● What you need to do
The word "Variables" occurs in some lines of the data. Return each such line.

● Dataset content
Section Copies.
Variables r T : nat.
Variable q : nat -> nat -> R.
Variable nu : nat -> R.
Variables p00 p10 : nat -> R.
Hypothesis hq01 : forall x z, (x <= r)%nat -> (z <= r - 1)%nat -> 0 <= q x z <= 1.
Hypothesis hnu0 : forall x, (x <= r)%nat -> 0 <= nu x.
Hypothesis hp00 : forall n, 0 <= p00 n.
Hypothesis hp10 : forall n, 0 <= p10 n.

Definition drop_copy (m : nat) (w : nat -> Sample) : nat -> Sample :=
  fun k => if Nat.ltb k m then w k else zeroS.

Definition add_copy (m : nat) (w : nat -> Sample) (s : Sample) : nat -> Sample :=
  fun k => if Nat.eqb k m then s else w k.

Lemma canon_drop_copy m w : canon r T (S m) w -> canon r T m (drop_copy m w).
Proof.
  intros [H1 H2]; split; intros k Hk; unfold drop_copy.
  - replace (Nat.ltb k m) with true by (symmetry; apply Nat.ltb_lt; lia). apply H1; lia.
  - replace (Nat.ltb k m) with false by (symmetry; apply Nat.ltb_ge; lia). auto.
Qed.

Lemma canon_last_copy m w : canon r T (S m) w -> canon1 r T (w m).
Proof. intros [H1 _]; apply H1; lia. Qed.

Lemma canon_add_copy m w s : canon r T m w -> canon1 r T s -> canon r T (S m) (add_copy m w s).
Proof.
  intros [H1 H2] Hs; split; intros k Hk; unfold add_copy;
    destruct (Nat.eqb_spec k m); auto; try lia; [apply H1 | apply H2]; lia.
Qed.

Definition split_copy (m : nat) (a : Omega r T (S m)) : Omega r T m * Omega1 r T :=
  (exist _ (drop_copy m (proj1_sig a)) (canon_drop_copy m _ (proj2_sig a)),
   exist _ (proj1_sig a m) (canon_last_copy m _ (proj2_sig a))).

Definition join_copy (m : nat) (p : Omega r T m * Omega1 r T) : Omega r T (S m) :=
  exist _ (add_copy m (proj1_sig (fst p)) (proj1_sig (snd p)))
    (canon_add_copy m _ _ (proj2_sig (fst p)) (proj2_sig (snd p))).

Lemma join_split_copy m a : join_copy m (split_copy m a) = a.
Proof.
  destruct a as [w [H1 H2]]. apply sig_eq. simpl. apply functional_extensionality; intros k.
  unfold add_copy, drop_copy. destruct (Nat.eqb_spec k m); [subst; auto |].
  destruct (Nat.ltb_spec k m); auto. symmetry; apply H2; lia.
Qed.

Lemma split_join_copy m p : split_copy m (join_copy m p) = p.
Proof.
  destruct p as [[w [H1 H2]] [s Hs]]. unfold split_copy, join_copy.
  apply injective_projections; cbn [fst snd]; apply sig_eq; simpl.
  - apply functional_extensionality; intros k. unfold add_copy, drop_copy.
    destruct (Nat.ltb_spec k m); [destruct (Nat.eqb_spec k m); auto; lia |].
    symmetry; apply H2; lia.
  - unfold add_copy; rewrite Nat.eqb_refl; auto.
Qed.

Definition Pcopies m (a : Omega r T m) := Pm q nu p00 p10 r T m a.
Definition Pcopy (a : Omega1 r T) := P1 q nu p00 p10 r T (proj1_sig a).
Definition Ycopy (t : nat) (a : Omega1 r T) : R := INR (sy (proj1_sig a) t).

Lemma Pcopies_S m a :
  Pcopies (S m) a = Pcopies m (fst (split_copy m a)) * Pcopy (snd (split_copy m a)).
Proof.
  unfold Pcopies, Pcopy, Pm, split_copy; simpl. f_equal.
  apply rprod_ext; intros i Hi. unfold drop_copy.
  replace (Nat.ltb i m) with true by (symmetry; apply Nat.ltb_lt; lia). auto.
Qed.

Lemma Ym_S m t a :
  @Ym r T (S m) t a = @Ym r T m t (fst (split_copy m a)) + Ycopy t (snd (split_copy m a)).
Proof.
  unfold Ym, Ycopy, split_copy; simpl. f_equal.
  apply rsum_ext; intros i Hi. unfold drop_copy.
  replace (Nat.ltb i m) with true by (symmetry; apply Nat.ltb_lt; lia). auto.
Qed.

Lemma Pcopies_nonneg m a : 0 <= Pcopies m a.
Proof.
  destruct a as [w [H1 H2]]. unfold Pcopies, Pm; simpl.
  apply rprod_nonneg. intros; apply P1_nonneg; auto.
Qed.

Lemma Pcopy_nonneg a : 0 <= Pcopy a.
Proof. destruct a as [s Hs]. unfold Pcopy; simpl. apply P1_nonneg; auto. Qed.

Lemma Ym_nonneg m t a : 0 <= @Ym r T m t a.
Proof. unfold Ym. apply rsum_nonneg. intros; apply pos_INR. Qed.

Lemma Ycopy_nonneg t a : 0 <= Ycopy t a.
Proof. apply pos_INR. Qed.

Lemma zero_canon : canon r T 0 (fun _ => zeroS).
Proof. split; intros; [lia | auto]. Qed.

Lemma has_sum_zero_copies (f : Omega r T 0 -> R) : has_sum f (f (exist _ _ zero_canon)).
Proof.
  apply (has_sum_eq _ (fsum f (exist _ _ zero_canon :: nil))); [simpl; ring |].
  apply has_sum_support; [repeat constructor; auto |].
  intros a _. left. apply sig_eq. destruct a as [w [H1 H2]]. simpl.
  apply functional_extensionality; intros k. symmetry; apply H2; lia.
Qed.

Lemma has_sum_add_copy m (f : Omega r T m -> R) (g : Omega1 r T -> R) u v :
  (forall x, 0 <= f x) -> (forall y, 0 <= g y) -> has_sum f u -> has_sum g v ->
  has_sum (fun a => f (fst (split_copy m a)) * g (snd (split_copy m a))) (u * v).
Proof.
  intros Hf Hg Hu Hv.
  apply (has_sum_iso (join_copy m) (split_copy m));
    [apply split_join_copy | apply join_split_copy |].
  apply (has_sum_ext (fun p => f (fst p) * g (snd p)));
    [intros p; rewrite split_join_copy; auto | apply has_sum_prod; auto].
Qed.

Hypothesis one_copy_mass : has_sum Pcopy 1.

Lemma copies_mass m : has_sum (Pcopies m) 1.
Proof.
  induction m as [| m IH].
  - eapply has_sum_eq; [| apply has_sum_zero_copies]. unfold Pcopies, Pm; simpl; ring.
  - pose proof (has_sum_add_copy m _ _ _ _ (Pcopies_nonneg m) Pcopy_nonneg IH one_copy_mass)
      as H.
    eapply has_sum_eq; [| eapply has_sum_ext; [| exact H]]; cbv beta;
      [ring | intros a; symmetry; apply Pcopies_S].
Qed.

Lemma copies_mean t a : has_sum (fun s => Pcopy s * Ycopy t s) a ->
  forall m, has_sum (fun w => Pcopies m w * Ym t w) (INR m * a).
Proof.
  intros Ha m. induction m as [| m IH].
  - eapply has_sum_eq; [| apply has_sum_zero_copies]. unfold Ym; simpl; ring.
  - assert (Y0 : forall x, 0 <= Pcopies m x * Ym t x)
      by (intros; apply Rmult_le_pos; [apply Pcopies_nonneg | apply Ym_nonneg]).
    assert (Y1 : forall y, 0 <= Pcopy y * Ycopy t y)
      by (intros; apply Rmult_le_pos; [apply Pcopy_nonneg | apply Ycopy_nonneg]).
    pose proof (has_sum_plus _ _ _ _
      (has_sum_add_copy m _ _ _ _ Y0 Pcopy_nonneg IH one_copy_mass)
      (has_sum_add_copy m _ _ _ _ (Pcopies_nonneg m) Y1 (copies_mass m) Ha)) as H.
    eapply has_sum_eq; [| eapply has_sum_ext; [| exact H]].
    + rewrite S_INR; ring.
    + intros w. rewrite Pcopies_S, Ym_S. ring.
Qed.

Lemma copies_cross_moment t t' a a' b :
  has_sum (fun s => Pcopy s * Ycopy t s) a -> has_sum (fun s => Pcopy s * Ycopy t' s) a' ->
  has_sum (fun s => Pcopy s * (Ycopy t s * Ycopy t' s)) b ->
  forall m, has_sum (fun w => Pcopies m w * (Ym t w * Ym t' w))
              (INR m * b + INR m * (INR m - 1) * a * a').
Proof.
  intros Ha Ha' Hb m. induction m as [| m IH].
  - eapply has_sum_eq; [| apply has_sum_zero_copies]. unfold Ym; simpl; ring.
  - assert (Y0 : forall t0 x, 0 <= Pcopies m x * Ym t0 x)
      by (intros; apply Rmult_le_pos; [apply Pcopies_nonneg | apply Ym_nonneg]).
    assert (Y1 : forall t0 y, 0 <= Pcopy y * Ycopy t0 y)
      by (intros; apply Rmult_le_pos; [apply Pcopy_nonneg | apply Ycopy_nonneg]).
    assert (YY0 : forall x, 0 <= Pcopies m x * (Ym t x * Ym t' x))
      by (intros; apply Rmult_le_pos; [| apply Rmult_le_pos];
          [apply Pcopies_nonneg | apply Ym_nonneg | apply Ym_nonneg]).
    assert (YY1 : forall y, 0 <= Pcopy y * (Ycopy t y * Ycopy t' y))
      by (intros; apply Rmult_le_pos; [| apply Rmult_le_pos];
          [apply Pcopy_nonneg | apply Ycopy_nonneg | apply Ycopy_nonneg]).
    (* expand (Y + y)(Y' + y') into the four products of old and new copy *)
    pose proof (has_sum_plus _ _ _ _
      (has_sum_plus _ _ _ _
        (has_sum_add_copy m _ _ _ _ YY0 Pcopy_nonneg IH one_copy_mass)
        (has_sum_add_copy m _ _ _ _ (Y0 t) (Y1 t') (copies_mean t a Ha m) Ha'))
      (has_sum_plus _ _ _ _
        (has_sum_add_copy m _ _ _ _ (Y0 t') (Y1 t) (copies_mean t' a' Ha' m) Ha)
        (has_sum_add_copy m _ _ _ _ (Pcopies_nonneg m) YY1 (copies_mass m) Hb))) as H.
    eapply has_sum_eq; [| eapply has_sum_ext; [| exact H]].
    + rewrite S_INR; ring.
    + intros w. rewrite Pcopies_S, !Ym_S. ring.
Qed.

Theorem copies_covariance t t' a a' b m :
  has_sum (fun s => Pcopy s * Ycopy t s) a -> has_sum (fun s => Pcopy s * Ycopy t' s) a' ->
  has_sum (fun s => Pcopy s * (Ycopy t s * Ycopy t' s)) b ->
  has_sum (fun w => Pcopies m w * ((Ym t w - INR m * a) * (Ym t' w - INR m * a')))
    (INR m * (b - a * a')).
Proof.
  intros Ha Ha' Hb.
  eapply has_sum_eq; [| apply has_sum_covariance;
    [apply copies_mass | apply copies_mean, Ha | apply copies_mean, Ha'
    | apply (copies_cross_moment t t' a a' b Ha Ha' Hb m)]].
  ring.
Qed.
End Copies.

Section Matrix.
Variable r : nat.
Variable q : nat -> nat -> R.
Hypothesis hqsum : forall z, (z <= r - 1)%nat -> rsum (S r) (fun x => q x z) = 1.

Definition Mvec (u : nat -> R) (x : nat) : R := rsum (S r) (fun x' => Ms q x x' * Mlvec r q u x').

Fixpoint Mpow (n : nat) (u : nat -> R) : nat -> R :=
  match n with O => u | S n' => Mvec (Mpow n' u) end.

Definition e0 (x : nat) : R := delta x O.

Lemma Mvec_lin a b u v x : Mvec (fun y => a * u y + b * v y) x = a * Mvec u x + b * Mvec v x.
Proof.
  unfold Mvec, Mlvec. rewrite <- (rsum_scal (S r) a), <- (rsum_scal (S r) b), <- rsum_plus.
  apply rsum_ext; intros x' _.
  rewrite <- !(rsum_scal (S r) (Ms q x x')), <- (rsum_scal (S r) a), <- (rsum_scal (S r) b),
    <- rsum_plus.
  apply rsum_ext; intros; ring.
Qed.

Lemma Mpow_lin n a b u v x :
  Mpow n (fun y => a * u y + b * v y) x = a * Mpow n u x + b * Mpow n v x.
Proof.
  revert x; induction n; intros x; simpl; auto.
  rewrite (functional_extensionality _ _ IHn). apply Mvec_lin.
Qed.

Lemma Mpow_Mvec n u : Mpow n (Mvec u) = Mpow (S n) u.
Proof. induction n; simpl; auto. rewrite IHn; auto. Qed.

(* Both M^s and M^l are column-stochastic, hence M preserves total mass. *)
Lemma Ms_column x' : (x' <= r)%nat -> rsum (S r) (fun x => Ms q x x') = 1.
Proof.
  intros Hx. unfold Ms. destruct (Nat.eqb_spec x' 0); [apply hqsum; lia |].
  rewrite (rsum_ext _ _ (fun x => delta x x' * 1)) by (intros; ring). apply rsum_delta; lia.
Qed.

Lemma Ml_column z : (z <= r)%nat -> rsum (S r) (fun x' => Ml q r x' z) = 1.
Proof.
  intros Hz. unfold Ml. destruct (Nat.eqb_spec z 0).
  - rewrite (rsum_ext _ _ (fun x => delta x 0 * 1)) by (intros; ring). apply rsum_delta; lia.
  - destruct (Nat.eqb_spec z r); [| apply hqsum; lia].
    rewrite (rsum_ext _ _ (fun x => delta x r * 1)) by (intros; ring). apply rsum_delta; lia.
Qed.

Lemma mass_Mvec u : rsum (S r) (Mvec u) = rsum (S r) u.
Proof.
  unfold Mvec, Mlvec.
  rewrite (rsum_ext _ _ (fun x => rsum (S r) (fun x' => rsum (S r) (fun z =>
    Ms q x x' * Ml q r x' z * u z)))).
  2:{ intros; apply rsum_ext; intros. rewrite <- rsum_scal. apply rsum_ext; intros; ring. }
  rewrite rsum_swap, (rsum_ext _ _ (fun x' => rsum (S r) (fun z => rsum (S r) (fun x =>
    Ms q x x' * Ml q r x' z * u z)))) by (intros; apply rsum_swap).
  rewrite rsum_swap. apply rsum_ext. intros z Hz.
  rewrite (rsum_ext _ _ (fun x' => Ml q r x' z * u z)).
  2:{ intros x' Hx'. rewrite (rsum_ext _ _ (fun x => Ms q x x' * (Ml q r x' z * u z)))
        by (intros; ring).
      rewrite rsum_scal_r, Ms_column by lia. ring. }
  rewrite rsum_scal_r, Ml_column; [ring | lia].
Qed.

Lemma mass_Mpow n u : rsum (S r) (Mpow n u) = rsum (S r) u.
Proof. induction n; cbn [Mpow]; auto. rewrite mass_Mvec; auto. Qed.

● Solution below
Variables r T : nat.
Variables p00 p10 : nat -> R.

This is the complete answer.